I asked you to do this earlier but you haven't  It will help others to assess what is on the system.



The Unknown said:


> ^^ Now where did Knoppix come from in the middle of Fedora ?



Good question

*img217.imageshack.us/img217/9472/pubthefuture2cisopen466cr4.png


----------



## ayush_chh (Feb 23, 2008)

The Unknown said:


> ^^ Now where did Knoppix come from in the middle of Fedora ?




he told me to do it with a LIVE CD and i only had Knoppix........

@ nucleusKore 

sorry for delay

*maxupload.com/thumb/08CD24DB.jpg


----------



## ayush_chh (Feb 24, 2008)

i have installed Fedora 8 provided by digit. i installed it in D:

this is the screenshot from XP now
*maxupload.com/thumb/2E653567.jpg

the problem now is that i cannot boot to Fedora.......i think i messed somewhere...please help!!!!

why can't i see any space used in D:......


----------



## nileshgr (Feb 24, 2008)

^ The reason is Linux uses a Filesystem format which win32 cannot see.


----------



## ayush_chh (Feb 24, 2008)

that is correct ^^

but why am i not able to boot into Linux..............


----------



## Kniwor (Feb 24, 2008)

Nah u didn't, from the looks of it u have not installed a boot loader, so boot into Linux using a pendrive or something, *chroot*, and install boot loader, lilo or whatever it is that comes with fedora.


I have personally found Fedora slow in general, as for myself I prefer Slackware.


----------



## ayush_chh (Feb 24, 2008)

^^ sorry, i didn't get nothing.........can u explain clearly.....

it asked for location from where u want to boot to linux (while installation) , i selected d:........


----------



## mehulved (Feb 24, 2008)

If you use windows notations when in linux, you're going to cause confusion all round.
Anyways, coming to the point. Install boot loader on MBR rather than root partition, to be able to boot from that boot loader.


----------



## ayush_chh (Feb 24, 2008)

Problems problems problems!!!

i reinstalled Fedora and this time it booted...BUT at the time it asked for creating Username , i skipped and continued.......NOW at login screen it is asking for Username and Password.......how do i login now????


one more thing ......it boots automatically to Fedora. I want to change it to Win XP......how do i do that?


----------



## Rahim (Feb 24, 2008)

^You dont get Grub Menu while booting?


----------



## ayush_chh (Feb 24, 2008)

Now, What is that???

ok i got waht is grub(googled it)............and other problem is also solved, entered 'root' as username and gave root password(googled this also).

@rahim

i get the grub menu.....it says "booting fedora in 3,2,1 sec, to boot to other system press any key"......this is what i want to change. i want XP to boot by default and if i want to boot fedora i should enter the boot menu.

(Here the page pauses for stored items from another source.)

(* A move dominates [c] adjacent slots of a run, leaving runs [a] and [b] and
   [c.-1] empty runs; a single slot can only be taken at an end of the run. *)
Definition run_cut (r r' : seq nat) : Prop := exists rA rB a b c,
  [/\ r = rA ++ (a + c + b) :: rB, r' = rA ++ a :: nseq c.-1 0 ++ b :: rB
    & c = 2 \/ c = 1 /\ (a = 0 \/ b = 0)].

Lemma run_cut_catl q r r' : run_cut r r' -> run_cut (q ++ r) (q ++ r').
Proof.
case=> rA [rB [a [b [c [-> -> cut]]]]].
by exists (q ++ rA), rB, a, b, c; split; rewrite // -!catA.
Qed.

Lemma run_cut_catr q r r' : run_cut r r' -> run_cut (r ++ q) (r' ++ q).
Proof.
case=> rA [rB [a [b [c [-> -> cut]]]]].
by exists rA, (rB ++ q), a, b, c; split; rewrite // -catA //= -catA.
Qed.

Lemma mark1_run_cut a X : mark X 1 != X -> run_cut (runs_from a X) (runs_from a (mark X 1)).
Proof.
case: X => [|x [|y B]] //=.
  case: x => //= _; exists [::], [::], a, 0, 1.
  by rewrite addn0 addn1; split; auto.
have := runs_cons B; move: (head 0 _) (behead _) => h t runsB.
case: x; case: y; rewrite ?eqxx //= => _; rewrite !runs_from_add runsB /= !add0n.
- by exists [:: a], t, 0, h, 1; rewrite add0n; split; auto.
- by exists [::], (h :: t), a, 0, 1; rewrite addn0 addn1; split; auto.
- by exists [::], t, a, h, 2; rewrite addn2; split; auto.
Qed.

Lemma mark_run_cut l s : mark l s != l -> run_cut (runs l) (runs (mark l s)).
Proof.
case: s => [|s].
  case: l => [|[] B] //=; rewrite ?eqxx // => _.
  have := runs_cons B; move: (head 0 _) (behead _) => h t runsB.
  rewrite /runs /= runs_from_add -/(runs B) runsB.
  by exists [::], t, 0, h, 1; rewrite /= add0n; split; auto.
case: (leqP s (size l)) => [le_sl|lt_ls]; last by rewrite mark_oversize ?eqxx //; apply: ltnW.
rewrite -(cat_take_drop s l); move: (take s l) (drop s l) (size_takel le_sl) => A X <-.
rewrite -addn1 mark_cat //; have [rA [a [_ catE]]] := runs_from_cat 0 A.
rewrite /runs !catE => marked; apply/run_cut_catl/mark1_run_cut.
by apply: contraNneq marked => ->.
Qed.

Lemma runs_from_split j l rA k rB : runs_from j l = rA ++ k :: rB ->
  exists A B, [/\ nseq j false ++ l = A ++ nseq k false ++ B, last true A, head true B
    & forall Y, runs (A ++ Y ++ B) = rA ++ runs Y ++ rB].
Proof.
elim: l j rA => [|[] l IH] j rA /=.
- case: rA => [|? [|]] //= [<- <-]; exists [::], [::].
  by split=> // *; rewrite !cats0.
- case: rA => [|r rA] /= [<-].
    by move=> <-; exists [::], (true :: l); split=> // Y; rewrite runs_cat_true.
  move=> /(IH 0) [A [B [lE lastA headB runsE]]].
  exists (nseq j false ++ true :: A), B; split=> //.
  + by rewrite -[l]/(nseq 0 false ++ l) lE -catA.
  + by rewrite last_cat.
  + by move=> Y; rewrite -catA /= runs_cat_true runs_nseq runsE.
- move=> /IH [A [B [lE lastA headB runsE]]]; exists A, B; split=> //.
  by rewrite -lE -[false :: l]/(nseq 1 false ++ l) catA -nseqD addn1.
Qed.

Lemma runs_split l rA k rB : runs l = rA ++ k :: rB ->
  exists A B, [/\ l = A ++ nseq k false ++ B, last true A, head true B
    & forall Y, runs (A ++ Y ++ B) = rA ++ runs Y ++ rB].
Proof. exact: runs_from_split 0 l rA k rB. Qed.

Lemma mark_run_front l rA k rB : runs l = rA ++ k.+2 :: rB ->
  exists2 s, 0 < s < size l & runs (mark l s) = rA ++ [:: 0, 0, k & rB].
Proof.
case/runs_split=> A [B [-> _ _ runsE]]; exists (size A + 1).
  by rewrite addn1 !size_cat size_nseq /=; lia.
by rewrite mark_cat // mark_catl ?size_nseq // runsE [mark _ 1]/= !runs_true runs_nseq.
Qed.

Lemma mark_run_right l rA k rB : runs l = rA ++ k.+1 :: rB ->
  exists2 s, 0 < s <= size l & runs (mark l s) = rA ++ [:: k, 0 & rB].
Proof.
case/runs_split=> A [B [-> _ headB runsE]]; exists (size A + k.+1).
  by rewrite !size_cat size_nseq; lia.
have := mark_cat_head (nseq k.+1 false) headB; rewrite size_nseq => markE.
by rewrite mark_cat // markE mark_nseq_last runsE -cats1 runs_cat_true runs_nseq.
Qed.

How do i install Video Driver, i have Nvidia Fx 5200 graphics card. i am not having the driver CD, i downloaded the installer from net for XP, now what do i do for Linux?


----------



## nileshgr (Feb 24, 2008)

To get that I think you have to edit a file /etc/grub.conf or /boot/grub.conf


----------



## mediator (Feb 24, 2008)

U shudn't use root account! Create a normal user, system => administration => users n groups! Kool hun?

For boot to Xp first, open "/boot/grub/grub.conf" and change the value "default=0" to "default=1" !

To get well versed with fedora (nvidia,mp3 installation etc) checkout the guides...
*www.mjmwired.net/resources/mjm-fedora-f8.html
*fedoraguide.info/index.php/Main_Page


----------



## Rahim (Feb 24, 2008)

^^Ya thats right and you can change the timeout before you boot to your desired OS.


----------



## NucleusKore (Feb 25, 2008)

ayush_chh said:


> i get the grub menu.....it says "booting fedora in 3,2,1 sec, to boot to other system press any key"......this is what i want to change. i want XP to boot by default and if i want to boot fedora i should enter the boot menu.



See here.


----------



## ayush_chh (Feb 25, 2008)

thank you guys, i will try these in sometime.


----------



## Maverick340 (Feb 25, 2008)

Uh , this is why some people suggessted Ubuntu 
Anyways this  might help you chose a distro ..


----------



## Rahim (Feb 25, 2008)

Hey Maverick ,that link is useful.


----------



## ayush_chh (Feb 26, 2008)

Maverick340 said:


> Uh , this is why some people suggessted Ubuntu
> Anyways this  might help you chose a distro ..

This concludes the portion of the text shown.